WORK ORDER: The line containing "k^(dim i)) with" and every line after it, through the end of the records below: repeat them exactly, nothing more.

++++++++

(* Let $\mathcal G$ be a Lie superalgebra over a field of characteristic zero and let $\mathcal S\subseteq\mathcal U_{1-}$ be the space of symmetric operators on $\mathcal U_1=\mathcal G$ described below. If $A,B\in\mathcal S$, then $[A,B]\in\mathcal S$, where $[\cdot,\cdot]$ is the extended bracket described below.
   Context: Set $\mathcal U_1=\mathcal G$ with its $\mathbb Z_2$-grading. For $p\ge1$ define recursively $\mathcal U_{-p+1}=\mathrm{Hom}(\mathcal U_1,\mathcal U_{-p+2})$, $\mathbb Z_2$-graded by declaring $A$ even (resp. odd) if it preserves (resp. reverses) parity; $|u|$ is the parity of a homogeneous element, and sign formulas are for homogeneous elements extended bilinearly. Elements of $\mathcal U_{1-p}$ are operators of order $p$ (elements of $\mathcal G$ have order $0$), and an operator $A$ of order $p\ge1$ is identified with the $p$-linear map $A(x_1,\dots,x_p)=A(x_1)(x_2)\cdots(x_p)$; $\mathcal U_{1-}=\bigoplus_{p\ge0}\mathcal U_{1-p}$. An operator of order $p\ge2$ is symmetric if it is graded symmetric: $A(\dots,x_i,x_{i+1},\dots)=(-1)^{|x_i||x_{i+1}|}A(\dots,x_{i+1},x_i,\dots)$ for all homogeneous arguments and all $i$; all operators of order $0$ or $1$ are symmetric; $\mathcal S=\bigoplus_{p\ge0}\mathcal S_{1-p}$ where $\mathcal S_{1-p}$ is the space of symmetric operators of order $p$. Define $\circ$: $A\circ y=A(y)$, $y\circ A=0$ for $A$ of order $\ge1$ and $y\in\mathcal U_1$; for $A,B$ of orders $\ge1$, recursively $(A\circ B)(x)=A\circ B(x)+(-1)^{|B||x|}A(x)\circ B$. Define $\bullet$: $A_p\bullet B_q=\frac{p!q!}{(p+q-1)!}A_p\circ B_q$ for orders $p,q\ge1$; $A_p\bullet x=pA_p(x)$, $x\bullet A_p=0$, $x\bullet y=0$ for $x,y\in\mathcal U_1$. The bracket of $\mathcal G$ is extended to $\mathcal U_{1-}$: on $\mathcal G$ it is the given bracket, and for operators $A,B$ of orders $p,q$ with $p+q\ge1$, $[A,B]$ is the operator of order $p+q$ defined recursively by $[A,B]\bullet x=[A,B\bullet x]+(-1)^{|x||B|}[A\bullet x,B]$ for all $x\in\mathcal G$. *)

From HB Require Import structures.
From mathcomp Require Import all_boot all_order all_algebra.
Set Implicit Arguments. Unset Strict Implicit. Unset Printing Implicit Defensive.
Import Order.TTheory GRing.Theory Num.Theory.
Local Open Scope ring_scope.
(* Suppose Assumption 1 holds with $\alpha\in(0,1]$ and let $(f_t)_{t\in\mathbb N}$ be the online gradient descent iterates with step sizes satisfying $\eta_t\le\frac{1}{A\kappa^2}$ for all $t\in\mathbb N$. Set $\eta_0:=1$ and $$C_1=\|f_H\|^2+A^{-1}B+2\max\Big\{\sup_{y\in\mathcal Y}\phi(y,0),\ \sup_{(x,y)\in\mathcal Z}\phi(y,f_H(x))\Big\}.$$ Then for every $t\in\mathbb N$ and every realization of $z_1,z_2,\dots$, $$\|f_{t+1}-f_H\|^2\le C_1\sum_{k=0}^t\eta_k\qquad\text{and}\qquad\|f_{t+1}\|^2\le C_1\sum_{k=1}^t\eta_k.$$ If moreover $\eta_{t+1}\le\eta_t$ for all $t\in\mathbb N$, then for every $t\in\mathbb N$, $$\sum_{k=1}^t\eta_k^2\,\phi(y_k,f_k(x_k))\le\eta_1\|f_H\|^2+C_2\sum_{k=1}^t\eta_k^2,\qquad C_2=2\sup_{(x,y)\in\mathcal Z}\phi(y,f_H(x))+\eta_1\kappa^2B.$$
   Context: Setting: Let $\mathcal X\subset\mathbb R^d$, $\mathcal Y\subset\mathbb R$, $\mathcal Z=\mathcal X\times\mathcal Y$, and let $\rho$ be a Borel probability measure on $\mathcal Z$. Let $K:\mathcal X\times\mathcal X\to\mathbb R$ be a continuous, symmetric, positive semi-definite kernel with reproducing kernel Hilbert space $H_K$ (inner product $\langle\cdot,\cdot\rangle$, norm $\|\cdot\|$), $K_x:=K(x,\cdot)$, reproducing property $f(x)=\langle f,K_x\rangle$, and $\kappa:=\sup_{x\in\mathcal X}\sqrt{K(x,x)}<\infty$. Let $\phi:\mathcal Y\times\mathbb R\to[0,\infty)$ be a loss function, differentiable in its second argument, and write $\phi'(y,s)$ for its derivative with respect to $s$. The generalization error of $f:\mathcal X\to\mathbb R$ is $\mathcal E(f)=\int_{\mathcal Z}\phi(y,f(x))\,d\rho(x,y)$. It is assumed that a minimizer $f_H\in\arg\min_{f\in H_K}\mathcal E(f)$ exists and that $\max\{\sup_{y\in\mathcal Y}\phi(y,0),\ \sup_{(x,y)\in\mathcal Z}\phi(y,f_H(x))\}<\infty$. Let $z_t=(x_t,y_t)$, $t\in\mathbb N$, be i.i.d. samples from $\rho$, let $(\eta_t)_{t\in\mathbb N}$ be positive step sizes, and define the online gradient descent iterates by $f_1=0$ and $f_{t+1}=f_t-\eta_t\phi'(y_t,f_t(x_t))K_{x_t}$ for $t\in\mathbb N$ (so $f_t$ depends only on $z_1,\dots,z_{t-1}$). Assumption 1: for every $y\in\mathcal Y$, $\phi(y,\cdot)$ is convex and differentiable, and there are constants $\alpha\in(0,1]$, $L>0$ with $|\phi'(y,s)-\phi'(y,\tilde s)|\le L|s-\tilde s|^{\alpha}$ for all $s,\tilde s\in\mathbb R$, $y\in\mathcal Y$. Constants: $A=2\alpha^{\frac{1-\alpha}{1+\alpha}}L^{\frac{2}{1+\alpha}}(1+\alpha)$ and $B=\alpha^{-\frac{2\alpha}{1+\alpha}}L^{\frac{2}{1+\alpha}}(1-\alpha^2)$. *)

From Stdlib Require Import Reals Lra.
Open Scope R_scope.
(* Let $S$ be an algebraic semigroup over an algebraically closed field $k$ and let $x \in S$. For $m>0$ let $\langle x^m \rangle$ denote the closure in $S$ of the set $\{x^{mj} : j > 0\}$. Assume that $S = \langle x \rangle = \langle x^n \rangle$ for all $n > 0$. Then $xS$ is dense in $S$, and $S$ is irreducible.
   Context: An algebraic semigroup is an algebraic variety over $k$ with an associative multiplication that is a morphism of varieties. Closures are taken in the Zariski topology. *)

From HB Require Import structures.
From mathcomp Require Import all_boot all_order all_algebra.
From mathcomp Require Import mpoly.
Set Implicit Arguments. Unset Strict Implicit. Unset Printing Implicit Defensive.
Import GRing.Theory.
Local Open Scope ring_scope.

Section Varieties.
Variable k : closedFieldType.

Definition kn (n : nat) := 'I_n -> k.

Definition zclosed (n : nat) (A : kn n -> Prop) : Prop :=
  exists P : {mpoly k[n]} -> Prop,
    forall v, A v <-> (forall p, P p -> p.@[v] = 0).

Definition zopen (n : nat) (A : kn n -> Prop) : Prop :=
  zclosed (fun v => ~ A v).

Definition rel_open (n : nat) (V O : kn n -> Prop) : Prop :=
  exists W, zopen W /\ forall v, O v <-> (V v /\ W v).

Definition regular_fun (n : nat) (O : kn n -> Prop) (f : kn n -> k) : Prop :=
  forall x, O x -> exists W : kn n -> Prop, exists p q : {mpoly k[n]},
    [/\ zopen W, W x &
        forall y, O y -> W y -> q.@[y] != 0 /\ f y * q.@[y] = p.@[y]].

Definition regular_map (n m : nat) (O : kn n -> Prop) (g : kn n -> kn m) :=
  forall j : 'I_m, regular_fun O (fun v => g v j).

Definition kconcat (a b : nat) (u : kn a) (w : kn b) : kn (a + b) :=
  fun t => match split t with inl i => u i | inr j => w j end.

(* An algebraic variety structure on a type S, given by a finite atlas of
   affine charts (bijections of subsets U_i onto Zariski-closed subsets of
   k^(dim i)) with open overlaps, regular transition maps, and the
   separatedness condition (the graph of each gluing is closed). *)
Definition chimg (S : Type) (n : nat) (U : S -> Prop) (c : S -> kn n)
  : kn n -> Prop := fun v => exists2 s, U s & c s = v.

++++++++

EXERCISE ANSWER:
   k^(dim i)) with open overlaps, regular transition maps, and the
   separatedness condition (the graph of each gluing is closed). *)
Definition chimg (S : Type) (n : nat) (U : S -> Prop) (c : S -> kn n)
  : kn n -> Prop := fun v => exists2 s, U s & c s = v.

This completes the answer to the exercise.